◆ AIM OF THE EXERCISE ◆
The listing below must be duplicated in full, with nothing altered.

▽

(* At the largest real eigenvalue s0 of the lower block, the expansion
   det_shift_block would make det (s0 - A) <= 0. *)
Lemma no_real_eigenvalue_ge_drsub : no_real_eigenvalue_ge (drsubmx A) t.
Proof.
have [tR noroot] := At; split=> // s sR ts; apply/negP => /eqP Ds.
set D := drsubmx A.
have rootDs : root (char_poly D) s by rewrite /root horner_char_poly Ds.
have [|s0 [s0R rootDs0 ss0 maxs0]] := max_real_root _ rootDs sR.
  by rewrite monic_neq0 ?char_poly_monic.
have adjD0 : nonnegmx (\adj (s0%:M - D)).
  apply: adj_shift_nonneg => //; first exact: nonnegmx_drsub.
  move=> u uR s0u; apply/negP => /eqP Du.
  have : u <= s0 by apply: maxs0; rewrite // /root horner_char_poly Du.
  by move/(lt_le_trans s0u); rewrite ltxx.
have : 0 < \det (s0%:M - A).
  apply: det_shift_gt0; first exact: nonnegmx_real.
  by split=> // u uR s0u; apply: noroot; rewrite // (le_trans ts) ?(le_trans ss0).
rewrite det_shift_block -horner_char_poly (eqP rootDs0) mulr0 sub0r oppr_gt0.
move=> /lt_geF/negbT/negP; apply.
exact: (nonnegmxM (nonnegmxM (nonnegmx_ursub A0) adjD0) (nonnegmx_dlsub A0)).
Qed.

△

◆ ANSWER SECTION ◆
(* At the largest real eigenvalue s0 of the lower block, the expansion
   det_shift_block would make det (s0 - A) <= 0. *)
Lemma no_real_eigenvalue_ge_drsub : no_real_eigenvalue_ge (drsubmx A) t.
Proof.
have [tR noroot] := At; split=> // s sR ts; apply/negP => /eqP Ds.
set D := drsubmx A.
have rootDs : root (char_poly D) s by rewrite /root horner_char_poly Ds.
have [|s0 [s0R rootDs0 ss0 maxs0]] := max_real_root _ rootDs sR.
  by rewrite monic_neq0 ?char_poly_monic.
have adjD0 : nonnegmx (\adj (s0%:M - D)).
  apply: adj_shift_nonneg => //; first exact: nonnegmx_drsub.
  move=> u uR s0u; apply/negP => /eqP Du.
  have : u <= s0 by apply: maxs0; rewrite // /root horner_char_poly Du.
  by move/(lt_le_trans s0u); rewrite ltxx.
have : 0 < \det (s0%:M - A).
  apply: det_shift_gt0; first exact: nonnegmx_real.
  by split=> // u uR s0u; apply: noroot; rewrite // (le_trans ts) ?(le_trans ss0).
rewrite det_shift_block -horner_char_poly (eqP rootDs0) mulr0 sub0r oppr_gt0.
move=> /lt_geF/negbT/negP; apply.
exact: (nonnegmxM (nonnegmxM (nonnegmx_ursub A0) adjD0) (nonnegmx_dlsub A0)).
Qed.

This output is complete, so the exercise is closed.